There are still some solutions in the 802.11-2012 that should not be used as security solution. We discussed SKA, WEP, and TKIP. In this blog, we talk about VPN protocols, MAC filtering, SSID segmentation, and SSID hiding.
VPN
VPN is still a secure solution, but it need to be used for working remotely from home or a branch office. It was used to secure the WLAN connection also inside the enterprise office, and it gives extra overhead.
PPTP
Point-to-Point Tunneling Protocol doesn’t use any encryption. For encryption, it uses Microsoft Point-to-Point Encryption (MPPE) that uses ARC4 algorithm. As knowing from WEP and TKIP, ARC4 is not considering strong. For authentication PPTP uses Microsoft CHAP (MS-CHAP2) and this can be cracked easily with dictionary attacks with software like ASLEAP.
MAC Filtering
It is possible to filter on MAC addresses within the Wireless LAN Controller (WLC).
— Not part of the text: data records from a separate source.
(* Let $n,d\ge1$, $\omega\ge0$, $\alpha\in(0,1]$, $K_\omega,K_\alpha\in(0,d]$, and $0<\mu\le L\le L_{\max}$. For $r\in[0,1]$ put $K^r=(1-r)K_\omega+rK_\alpha$, $\mu^r_{\omega,\alpha}=rd/K^r$, $$\mathfrak m^r_{\mathrm{EF21\text{-}P+DIANA}}=K^r\Big(\frac{L}{\alpha\mu}+\frac{\omega L_{\max}}{n\mu}+\omega\Big)+d,$$ $$\mathfrak m^r_{\mathrm{realistic}}=K^r\Big(\sqrt{\tfrac{L\max\{\omega+1,\mu^r_{\omega,\alpha}\}}{\alpha\mu}}+\sqrt{\tfrac{L_{\max}\omega\max\{\omega+1,\mu^r_{\omega,\alpha}\}}{n\mu}}+\tfrac1\alpha+\omega+\mu^r_{\omega,\alpha}\Big)+d.$$ Then for all $r\in[0,1]$, $\mathfrak m^r_{\mathrm{realistic}}=\widetilde{\mathcal O}\big(\mathfrak m^r_{\mathrm{EF21\text{-}P+DIANA}}\big)$, i.e. $\mathfrak m^r_{\mathrm{realistic}}\le C\,\mathfrak m^r_{\mathrm{EF21\text{-}P+DIANA}}$ for a universal constant $C$ (up to logarithmic factors).
   Context: $\mathfrak m^r_{\mathrm{EF21\text{-}P+DIANA}}$ is (up to logarithmic factors) the total communication complexity of the previous method EF21-P + DIANA, and $\mathfrak m^r_{\mathrm{realistic}}$ is (up to logarithmic factors) that of the new method 2Direction with its hyper-parameters chosen without knowledge of $L_{\max}/L$, for minimizing $f=\frac1n\sum_i f_i$ on $\mathbb R^d$ with $n$ workers, each $f_i$ being $L_i$-smooth and convex, $L_{\max}=\max_iL_i$, $f$ being $L$-smooth and $\mu$-strongly convex. $\omega$ and $K_\omega$ are the variance parameter and expected density of the worker (unbiased) compressors, $\alpha$ and $K_\alpha$ the contraction parameter and expected density of the server (biased) compressor, and the total communication complexity is $(1-r)\cdot(\text{worker-to-server cost})+r\cdot(\text{server-to-worker cost})$. *)

From mathcomp Require Import all_boot all_order all_algebra.
Set Implicit Arguments. Unset Strict Implicit. Unset Printing Implicit Defensive.
Import Order.TTheory GRing.Theory Num.Theory.
Local Open Scope ring_scope.

Section Defs.
Variable R : rcfType.

Definition Kr (Kw Ka r : R) : R := (1 - r) * Kw + r * Ka.

Definition mu_r (d : nat) (Kw Ka r : R) : R := r * d%:R / Kr Kw Ka r.

Definition m_EF21P_DIANA (n d : nat) (w a Kw Ka mu L Lmax r : R) : R :=
  Kr Kw Ka r * (L / (a * mu) + w * Lmax / (n%:R * mu) + w) + d%:R.

Definition m_realistic (n d : nat) (w a Kw Ka mu L Lmax r : R) : R :=
  let M := Num.max (w + 1) (mu_r d Kw Ka r) in
  Kr Kw Ka r *
    (Num.sqrt (L * M / (a * mu))
     + Num.sqrt (Lmax * w * M / (n%:R * mu))
     + a^-1 + w + mu_r d Kw Ka r) + d%:R.
End Defs.

From mathcomp Require Import all_boot all_order all_algebra.
From mathcomp Require Import lra.

Set Implicit Arguments.
Unset Strict Implicit.
Unset Printing Implicit Defensive.
Import Order.TTheory GRing.Theory Num.Theory.
Local Open Scope ring_scope.

(* Both square roots in m_realistic are of the form sqrt(X * M), where
   M = max(w + 1, mu_r) and X is one of the ratios L/(a mu), w Lmax/(n mu)
   occurring in m_EF21P_DIANA; hence sqrt(X * M) <= X + M.  Moreover
   1/a <= L/(a mu) and M <= w + 1 + mu_r, while K^r <= d and K^r mu_r = r d <= d,
   so every extra term is paid for by K^r (L/(a mu) + w Lmax/(n mu) + w) + d,
   and C = 6 suffices. *)

Lemma sqrtr_mul_le_add (R : rcfType) (x y : R) : 0 <= x -> 0 <= y ->
  Num.sqrt (x * y) <= x + y.
Proof.
move=> x_ge0 y_ge0; have xy_ge0 : 0 <= x + y by lra.
rewrite -[leRHS]ger0_norm // -sqrtr_sqr ler_sqrt ?sqr_ge0 // expr2.
have := mulr_ge0 x_ge0 y_ge0; nra.
Qed.

Lemma maxr_le_add (R : realDomainType) (x y : R) :
  0 <= x -> 0 <= y -> Num.max x y <= x + y.
Proof. by move=> x_ge0 y_ge0; rewrite ge_max; apply/andP; split; lra. Qed.

Section CompressionDensity.
Variables (R : rcfType) (d : nat) (Kw Ka r : R).
Hypotheses (Kw_gt0 : 0 < Kw) (Ka_gt0 : 0 < Ka) (r_ge0 : 0 <= r) (r_le1 : r <= 1).

Lemma Kr_ge (m : R) : m <= Kw -> m <= Ka -> m <= Kr Kw Ka r.
Proof.
move=> m_le_Kw m_le_Ka; rewrite /Kr.
have : 0 <= (1 - r) * (Kw - m) by rewrite mulr_ge0 // subr_ge0.
have : 0 <= r * (Ka - m) by rewrite mulr_ge0 // subr_ge0.
lra.
Qed.

Lemma Kr_le (D : R) : Kw <= D -> Ka <= D -> Kr Kw Ka r <= D.
Proof.
move=> Kw_le_D Ka_le_D; rewrite /Kr.
have : 0 <= (1 - r) * (D - Kw) by rewrite mulr_ge0 // subr_ge0.
have : 0 <= r * (D - Ka) by rewrite mulr_ge0 // subr_ge0.
lra.
Qed.

Lemma Kr_gt0 : 0 < Kr Kw Ka r.
Proof.
apply: (@lt_le_trans _ _ (Num.min Kw Ka)); first by rewrite lt_min Kw_gt0.
by apply: Kr_ge; rewrite ge_min lexx ?orbT.
Qed.

Lemma mu_r_ge0 : 0 <= mu_r d Kw Ka r.
Proof. by rewrite /mu_r divr_ge0 ?mulr_ge0 ?ler0n // ltW // Kr_gt0. Qed.

Lemma Kr_mu_r : Kr Kw Ka r * mu_r d Kw Ka r = r * d%:R.
Proof. by rewrite /mu_r mulrC divfK // gt_eqF ?Kr_gt0. Qed.

End CompressionDensity.

Lemma invf_le_div_mul (R : realFieldType) (a mu L : R) :
  0 < a -> 0 < mu -> mu <= L -> a^-1 <= L / (a * mu).
Proof.
move=> a_gt0 mu_gt0 muL.
by rewrite invfM mulrCA ler_pMr ?invr_gt0 // ler_pdivlMr // mul1r.
Qed.

Section RealisticBound.
Variables (R : rcfType) (n d : nat) (w a Kw Ka mu L Lmax r : R).
Hypotheses (w_ge0 : 0 <= w) (a_gt0 : 0 < a).
Hypotheses (Kw_gt0 : 0 < Kw) (Ka_gt0 : 0 < Ka) (r_ge0 : 0 <= r) (r_le1 : r <= 1).
Hypotheses (mu_gt0 : 0 < mu) (mu_le_L : mu <= L) (L_le_Lmax : L <= Lmax).

Let a_ge0 : 0 <= a. Proof. exact: ltW. Qed.
Let mu_ge0 : 0 <= mu. Proof. exact: ltW. Qed.
Let L_ge0 : 0 <= L. Proof. exact: le_trans mu_le_L. Qed.
Let Lmax_ge0 : 0 <= Lmax. Proof. exact: le_trans L_le_Lmax. Qed.

Lemma L_div_ge0 : 0 <= L / (a * mu).
Proof. by rewrite divr_ge0 ?mulr_ge0. Qed.

Lemma wLmax_div_ge0 : 0 <= w * Lmax / (n%:R * mu).
Proof. by rewrite divr_ge0 ?mulr_ge0 ?ler0n. Qed.

Lemma m_realistic_le :
  m_realistic n d w a Kw Ka mu L Lmax r <=
    Kr Kw Ka r * (2 * (L / (a * mu)) + w * Lmax / (n%:R * mu) + 3 * w + 2)
    + 3 * (r * d%:R) + d%:R.
Proof.
rewrite /m_realistic -(Kr_mu_r d Kw_gt0 Ka_gt0 r_ge0 r_le1).
set K := Kr _ _ _; set mr := mu_r _ _ _ _; set M := Num.max _ _.
set X := L / (a * mu); set W := w * Lmax / (n%:R * mu).
have mr_ge0 : 0 <= mr by exact: mu_r_ge0.
have M_ge0 : 0 <= M by rewrite le_max addr_ge0 ?ler01.
have M_le : M <= w + 1 + mr by rewrite maxr_le_add ?addr_ge0 ?ler01.
have sqrt1 : Num.sqrt (L * M / (a * mu)) <= X + M.
  by rewrite mulrAC sqrtr_mul_le_add ?L_div_ge0.
have sqrt2 : Num.sqrt (Lmax * w * M / (n%:R * mu)) <= W + M.
  by rewrite mulrAC [Lmax * w]mulrC sqrtr_mul_le_add ?wLmax_div_ge0.
have inv_a : a^-1 <= X by exact: invf_le_div_mul.
rewrite lerD2r [3 * (K * _)]mulrCA -mulrDr ler_pM2l ?Kr_gt0 //.
lra.
Qed.

Lemma m_realistic_le_m_EF21P_DIANA : Kw <= d%:R -> Ka <= d%:R ->
  m_realistic n d w a Kw Ka mu L Lmax r
    <= 6%:R * m_EF21P_DIANA n d w a Kw Ka mu L Lmax r.
Proof.
move=> Kw_le Ka_le; apply: le_trans m_realistic_le _.
rewrite /m_EF21P_DIANA.
set K := Kr _ _ _; set X := L / (a * mu); set W := w * Lmax / (n%:R * mu).
have K_ge0 : 0 <= K by exact/ltW/Kr_gt0.
have K_le : K <= d%:R by exact: Kr_le.
have rd_le : r * d%:R <= d%:R :> R by exact: ler_piMl.
have KX_ge0 : 0 <= K * X by rewrite mulr_ge0 ?L_div_ge0.
have KW_ge0 : 0 <= K * W by rewrite mulr_ge0 ?wLmax_div_ge0.
have Kw_ge0 : 0 <= K * w by exact: mulr_ge0.
lra.
Qed.

End RealisticBound.

Theorem theorem4 :
  exists C : nat, forall (R : rcfType) (n d : nat) (w a Kw Ka mu L Lmax : R),
    (1 <= n)%N -> (1 <= d)%N -> 0 <= w -> 0 < a -> a <= 1 ->
    0 < Kw -> Kw <= d%:R -> 0 < Ka -> Ka <= d%:R ->
    0 < mu -> mu <= L -> L <= Lmax ->
    forall r : R, 0 <= r -> r <= 1 ->
      m_realistic n d w a Kw Ka mu L Lmax r
        <= C%:R * m_EF21P_DIANA n d w a Kw Ka mu L Lmax r.
Proof.
exists 6%N => R n d w a Kw Ka mu L Lmax _ _ w_ge0 a_gt0 _ Kw_gt0 Kw_le
  Ka_gt0 Ka_le mu_gt0 mu_le_L L_le_Lmax r r_ge0 r_le1.
exact: m_realistic_le_m_EF21P_DIANA.
Qed.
There are two options, blacklisting or whitelisting. With blacklisting, you need to know all the MAC addresses that you don’t want inside your network. That is pretty hard, since you don’t know who the attackers are. With whitelisting, you can add all the MAC addresses that are allowed on your network. Those are mostly easier to gather, but in big enterprise environments there are a ton of MAC addresses that you want to add. This looks like a great security method, but it is pretty easy to change your MAC address (this is called MAC spoofing). With MAC spoofing you can change your MAC address when you are on the blacklist, or change your MAC address to an address that is on the whitelist. As you can see, this is not a great method at all. When you have a WIPS deployed in you network, the WIPS should notice MAC spoofing. There will be a difference in sequence number and signal strength.
SSID segmentation
Segmentation of your network is good—you don’t want that guest users can access all the resources within the enterprise network (for example, in a school environment students not accessing the resources from teachers). You can make multiple SSIDs and map them each to a different VLAN for segmentation. However, for performance you don’t want more than three or four SSIDs on an access point for overhead. Every access point sends for every SSID every 100 TU a beacon. Most of the time you will see a guest SSID, an employee SSID and a Voice SSID, but it is also possible to use one SSID and use the RADIUS attributes to segment your network. So, yes SSID segmentation is good, and is not really a legacy solution, as long as you don’t use more than four SSIDs on an access point.
SSID hiding
It is possible to hide the SSIDs. You can configure the clients that you want to access your network manually to find your SSID and other clients cannot find your SSID in the list of possible Wi-Fi connections. This sounds great, but it is not hard to figure out and release all the hidden networks. With tools like wireshark you can still see the packages from the hidden networks. The SSIDs that are hidden don’t transmit beacon frames, but there are more frames that show the SSID name. Frames like probe request from the client to the access point have the SSID name in it. The access point needs to know to which network the configured client needs to connect. Also in the probe response, the SSID is visible and in the association and reassociation request frames you are able to see the hidden SSIDs.
EAP
Extensible Authentication Protocol (802.1X) provides a secure solution, however there are multiple EAP types. Some EAP types are not considered secure anymore. Those EAP-types are EAP-MD5 that use MD5 hashing. Hashing is just scrambling the password and not encryption. The username is in clear text and there are tools that are able to crack MD5 as well. Another EAP-type that you shouldn’t use is LEAP. LEAP uses MS-CHAP2, the same encryption as the VPN technology PPTP. As told earlier MS-CHAP2 is easy to crack with the tool ASLEAP.